Elisa a 13 ans, elle est porteuse de trisomie 21. L’année dernière, la jeune fille était scolarisée dans l’enseignement ordinaire, à l’école Singelijn de Woluwe-Saint-Lambert. Mais cette année, faute d’école secondaire inclusive, elle est inscrite dans un établissement spécialisé.

Pour Sandrine Greiner, la mère d’Elisa, c’est une déception : "Aujourd’hui, Elisa est épanouie, elle lit, elle calcule. Elle a fait d’énormes progrès grâce à son inclusion scolaire en primaire, au contact de ses camarades ordinaires. Mais ce type de projet n’existe à peu près pas en secondaire, elle doit aller dans une école spécialisée. Malheureusement, il y beaucoup moins d’apprentissages. On va devoir la soutenir nous-mêmes davantage."

Bernard De Vos, délégué général aux droits de l'enfant
Bernard De Vos, délégué général aux droits de l'enfant © RTBF

C’est tout le système qui doit être remis en cause 

Pour Bernard De Vos, le délégué général aux droits de l’enfant, la Fédération Wallonie-Bruxelles est l’une des seules entités géographiques du monde où les élèves sont, chaque année, plus nombreux dans l’enseignement spécialisé. "C’est une honte, non seulement, nous sommes les mauvais élèves pour l’inclusion scolaire des enfants porteurs de handicap mental mais, en plus, notre enseignement spécialisé accueille des enfants sans handicap, ni mental, ni physique. Ils ont parfois simplement un retard culturel lié à leur milieu d’origine." Bernard De Vos ajoute : "Il y a une forme de ségrégation, de discrimination, c’est tout le système qui doit être remis en cause."

La Belgique condamnée

Cette remise en cause de notre système scolaire, le délégué général aux droits de l’enfant n’est pas le seul à l’exiger. En février dernier, la Belgique a été condamnée par le Conseil européen des droits sociaux, une sorte de "gendarme" indépendant qui surveille que les états respectent les conventions internationales qu’ils signent.

Par son manque d’inclusion scolaire, la Belgique ne respecte pas l’une de ces conventions : la Charte sociale européenne. Selon ce texte, ratifié par notre pays, l’inclusion scolaire devrait être la règle et l’enseignement spécialisé l’exception. C’est exactement le contraire chez nous. Il y a moins d’un pourcent d’enfants porteurs de handicap mental inclus dans nos écoles primaires ordinaires.  

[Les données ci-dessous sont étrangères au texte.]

Lemma ratio_test x w : nonneg x -> realv w -> (exists i, 0 < w i) ->
  exists t, exists2 i0, 0 < w i0 &
    [/\ 0 <= t, nonneg (fun i => x i - t * w i) & x i0 - t * w i0 = 0].
Proof.
move=> x_ge0 wR [i1 wi1].
have ratioR i : 0 < w i -> x i / w i \is Num.real.
  by move=> wi; rewrite rpredM ?rpredV ?ger0_real // ltW.
case: (@real_arg_minP _ _ _ (fun i => 0 < w i) (fun i => x i / w i) wi1 ratioR)
  => i0 wi0 i0min.
exists (x i0 / w i0); exists i0 => //; split.
- by rewrite divr_ge0 // ltW.
- move=> i; rewrite subr_ge0; case: (real_leP (wR i) (real0 C)) => wi.
  + by apply: le_trans (x_ge0 i); rewrite mulr_ge0_le0 // divr_ge0 // ltW.
  + by rewrite -ler_pdivlMr // i0min.
- by rewrite divfK ?subrr // gt_eqF.
Qed.
End QuadraticForm.

Section LiftVector.
Variables (n : nat) (S : {set 'I_n}).

Definition lift_vec (w : 'I_#|S| -> C) : 'I_n -> C :=
  fun l => \sum_k (enum_val k == l)%:R * w k.

Lemma lift_vec_out w l : l \notin S -> lift_vec w l = 0.
Proof.
move=> lS; rewrite /lift_vec big1 // => k _.
by case: eqP => [ek|]; [move: (enum_valP k); rewrite ek (negbTE lS) | rewrite mul0r].
Qed.

Lemma lift_vec_val w k : lift_vec w (enum_val k) = w k.
Proof.
rewrite /lift_vec (bigD1 k) //= eqxx mul1r big1 ?addr0 // => m mk.
by rewrite (inj_eq enum_val_inj) (negbTE mk) mul0r.
Qed.

Lemma lift_vec_real w : (forall k, w k \is Num.real) -> realv (lift_vec w).
Proof. by move=> wR l; apply: rpred_sum => k _; rewrite rpredM ?rpred_nat. Qed.

Lemma lift_vec_sum (F : 'I_n -> C) w :
  \sum_l F l * lift_vec w l = \sum_k F (enum_val k) * w k.
Proof.
rewrite /lift_vec; under eq_bigr do rewrite mulr_sumr.
rewrite exchange_big; apply: eq_bigr => k _.
rewrite (bigD1 (enum_val k)) //= eqxx mul1r big1 ?addr0 // => l lk.
by rewrite eq_sym (negbTE lk) mul0r mulr0.
Qed.

Lemma principal_mul_lift (B : 'M[C]_n) w j (jS : j \in S) :
  \sum_l B j l * lift_vec w l = \sum_k principal S B (enum_rank_in jS j) k * w k.
Proof. by rewrite lift_vec_sum; apply: eq_bigr => k _; rewrite mxE enum_rankK_in. Qed.
End LiftVector.

Section UniformCopositivity.
Variables (n : nat) (B : 'M[C]_n).
Hypotheses (B_real : B \is a realmx) (B_sym : B^T = B).
Hypothesis B_copos : forall x, nonneg x -> 0 <= qform B x.
Hypothesis B_minors : forall S : {set 'I_n}, S != set0 -> \det (principal S B) != 0.

Definition supp (S : {set 'I_n}) (x : 'I_n -> C) := forall i, i \notin S -> x i = 0.

Definition bounded_on S d :=
  forall x, nonneg x -> supp S x -> d * vsum x ^+ 2 <= qform B x.

Lemma supp_mem S x i : supp S x -> x i != 0 -> i \in S.
Proof. by move=> xS; apply: contraR => /xS ->; rewrite eqxx. Qed.

Lemma supp_setD1 S x i : supp S x -> x i = 0 -> supp (S :\ i) x.
Proof. by move=> xS xi j; rewrite in_setD1 negb_and negbK => /orP[/eqP->|/xS]. Qed.

Lemma bounded_on_le S d e : e <= d -> bounded_on S d -> bounded_on S e.
Proof.
move=> ed Bd x x_ge0 xS; apply: le_trans (Bd x x_ge0 xS).
by rewrite ler_wpM2r ?exprn_ge0 ?vsum_ge0.
Qed.

Lemma bounded_on_normalized S d :
  (forall x, nonneg x -> supp S x -> vsum x = 1 -> d <= qform B x) -> bounded_on S d.
Proof.
move=> Bd x x_ge0 xS.
have [x0|xn0] := eqVneq (vsum x) 0.
  by rewrite x0 qform_eq0 ?expr0n ?mulr0 //; exact: vsum_eq0.
have s_gt0 : 0 < vsum x by rewrite lt_def xn0 vsum_ge0.
pose y i := (vsum x)^-1 * x i.
have y_ge0 : nonneg y by move=> i; rewrite mulr_ge0 // invr_ge0 ltW.
have yS : supp S y by move=> i iS; rewrite /y xS // mulr0.
have y1 : vsum y = 1 by rewrite vsumZ mulVf.
have := Bd y y_ge0 yS y1.
rewrite qformZ -(ler_pM2r (exprn_gt0 2 s_gt0)) => /le_trans; apply.
by rewrite mulrAC -exprMn mulVf // expr1n mul1r.
Qed.

Lemma principal_sum_solution S : S != set0 ->
  exists u, [/\ realv u, supp S u, forall y, supp S y -> bform B u y = vsum y
              & exists i, u i != 0].
Proof.
move=> S0.
set M := principal S B.
have M_unit : M \in unitmx by rewrite unitmxE unitfE B_minors.
set w : 'cV_#|S| := invmx M *m const_mx 1.
have Mw : M *m w = const_mx 1 by rewrite mulKVmx.
set u := lift_vec (fun k => w k 0).
have Bu1 j : j \in S -> \sum_l B j l * u l = 1.
  move=> jS; rewrite principal_mul_lift.
  move/(congr1 (fun v : 'cV[C]_#|S| => v (enum_rank_in jS j) 0)): Mw.
  by rewrite mxE => ->; rewrite mxE.
exists u; split.
- have MR : M \is a realmx by apply/mxOverP => i j; rewrite mxE (mxOverP B_real).
  apply: lift_vec_real => k; rewrite mxE; apply: rpred_sum => l _.
  by rewrite mxE rpredM ?rpred1 ?(mxOverP (realmx_invmx MR)).
- by move=> i; apply: lift_vec_out.
- move=> y yS; rewrite /bform exchange_big; apply: eq_bigr => j _.
  have [jS|jS] := boolP (j \in S); last by rewrite yS // big1 // => i _; rewrite mulr0.
  transitivity ((\sum_l B j l * u l) * y j); last by rewrite Bu1 // mul1r.
  by rewrite mulr_suml; apply: eq_bigr => i _; rewrite (sym_entry B_sym); ring.
- case/set0Pn: S0 => j jS.
  case: (pickP (fun i => u i != 0)) => [i ui|u0]; first by exists i.
  move: (Bu1 j jS); rewrite big1 => [/eqP|l _]; first by rewrite eq_sym oner_eq0.
  by move/negbFE/eqP: (u0 l) => ->; rewrite mulr0.
Qed.

Section Step.
Variables (S : {set 'I_n}) (u : 'I_n -> C) (d' : C).
Hypotheses (u_real : realv u) (u_supp : supp S u).
Hypothesis u_bform : forall y, supp S y -> bform B u y = vsum y.
Hypothesis d'_gt0 : 0 < d'.
Hypothesis bounded_minus : forall j, j \in S -> bounded_on (S :\ j) d'.

Lemma bound_at_face p i : i \in S -> nonneg p -> supp S p -> p i = 0 ->
  1 <= vsum p -> d' <= qform B p.
Proof.
move=> iS p_ge0 pS pi p1.
apply: le_trans (bounded_minus iS p_ge0 (supp_setD1 pS pi)).
by rewrite ler_peMr ?(ltW d'_gt0) // exprn_ege1.
Qed.

(* With c = u / vsum u, every x of sum 1 is c + z with bform c z = 0 and
   qform c = (vsum u)^-1.  If qform z < 0, moving from x along z until a
   coordinate vanishes reaches a face S :\ i0 with an even smaller form. *)
Lemma bounded_on_step_pos d : 0 < vsum u -> d <= d' -> d <= (vsum u)^-1 ->
  bounded_on S d.
Proof.
move=> s_gt0 dd' ds; apply: bounded_on_normalized => x x_ge0 xS x1.
set s := vsum u in s_gt0 ds.
pose c i := s^-1 * u i.
pose z i := x i - c i.
have cS : supp S c by move=> i iS; rewrite /c u_supp // mulr0.
have zS : supp S z by move=> i iS; rewrite /z cS // xS // subrr.
have zR i : z i \is Num.real.
  by rewrite rpredB ?rpredM ?rpredV ?(ger0_real (x_ge0 i)) ?(gtr0_real s_gt0) ?u_real.
have c1 : vsum c = 1 by rewrite vsumZ mulVf // gt_eqF.
have z0 : vsum z = 0 by move: x1 c1; rewrite /vsum sumrB => -> ->; rewrite subrr.
have qlin t : qform B (fun i => c i + t * z i) = s^-1 + t ^+ 2 * qform B z.
  rewrite qform_lin // bformZl u_bform // z0 mulr0 mulr0 addr0.
  by rewrite /qform bformZl u_bform // c1 mulr1.
have qx : qform B x = s^-1 + qform B z.
  transitivity (qform B (fun i => c i + 1 * z i)); last by rewrite qlin expr1n mul1r.
  by apply: eq_qform => i; rewrite /z; ring.
have qzR : qform B z \is Num.real := bform_real B_real zR zR.
have [qz_ge0|qz_lt0] := real_leP (real0 C) qzR.
  by rewrite qx; apply: le_trans ds _; rewrite lerDl.
have [i zi] := exists_neg_entry zR z0 qz_lt0.
have wR : realv (fun j => - z j) by move=> j; rewrite rpredN zR.
have w_pos : exists j, 0 < - z j by exists i; rewrite oppr_gt0.
have [t [i0 wi0 [t_ge0 p_ge0 pi0]]] := ratio_test x_ge0 wR w_pos.
pose p i := c i + (1 + t) * z i.
have pE j : p j = x j - t * - z j by rewrite /p /z; ring.
have i0S : i0 \in S by apply: (supp_mem zS); rewrite -oppr_eq0 lt0r_neq0.
apply: le_trans dd' _; apply: (@le_trans _ _ (qform B p)).
  apply: (bound_at_face i0S).
  - by move=> j; rewrite pE.
  - by move=> j jS; rewrite /p cS // zS // mulr0 addr0.
  - by rewrite pE.
  - by rewrite vsum_lin c1 z0 mulr0 addr0.
have t1 : 1 <= 1 + t by rewrite lerDl.
rewrite qlin qx lerD2l.
by have := ler_wnM2r (ltW qz_lt0) (exprn_ege1 2 t1); rewrite mul1r.
Qed.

L’Italie, l’exemple à suivre ?

Une classe inclusive à l'école Margherita Hack, à Rome
Une classe inclusive à l'école Margherita Hack, à Rome © RTBF

L’Italie a choisi de supprimer l’enseignement spécialisé à la fin des années 70. Depuis près de 40 ans, l’inclusion scolaire y est totale. "Dans ma classe, il y a deux élèves porteurs de grave handicap mental. Il y a notamment Massimo, qui souffre d’autisme sévère", nous explique Gianni Tartaro, enseignant à l’école Margherita Hack, de Rome.

"Massimo, il bougonne, il fait des gestes particuliers. Dans la classe, ça ne perturbe plus personne, la leçon continue, comme si de rien était." En Italie, les effets de l’inclusion scolaire totale se ressentent dans toute la société. Inclus à l’école, les personnes porteuses de handicap sont ensuite mieux intégrées, y compris dans le monde du travail.  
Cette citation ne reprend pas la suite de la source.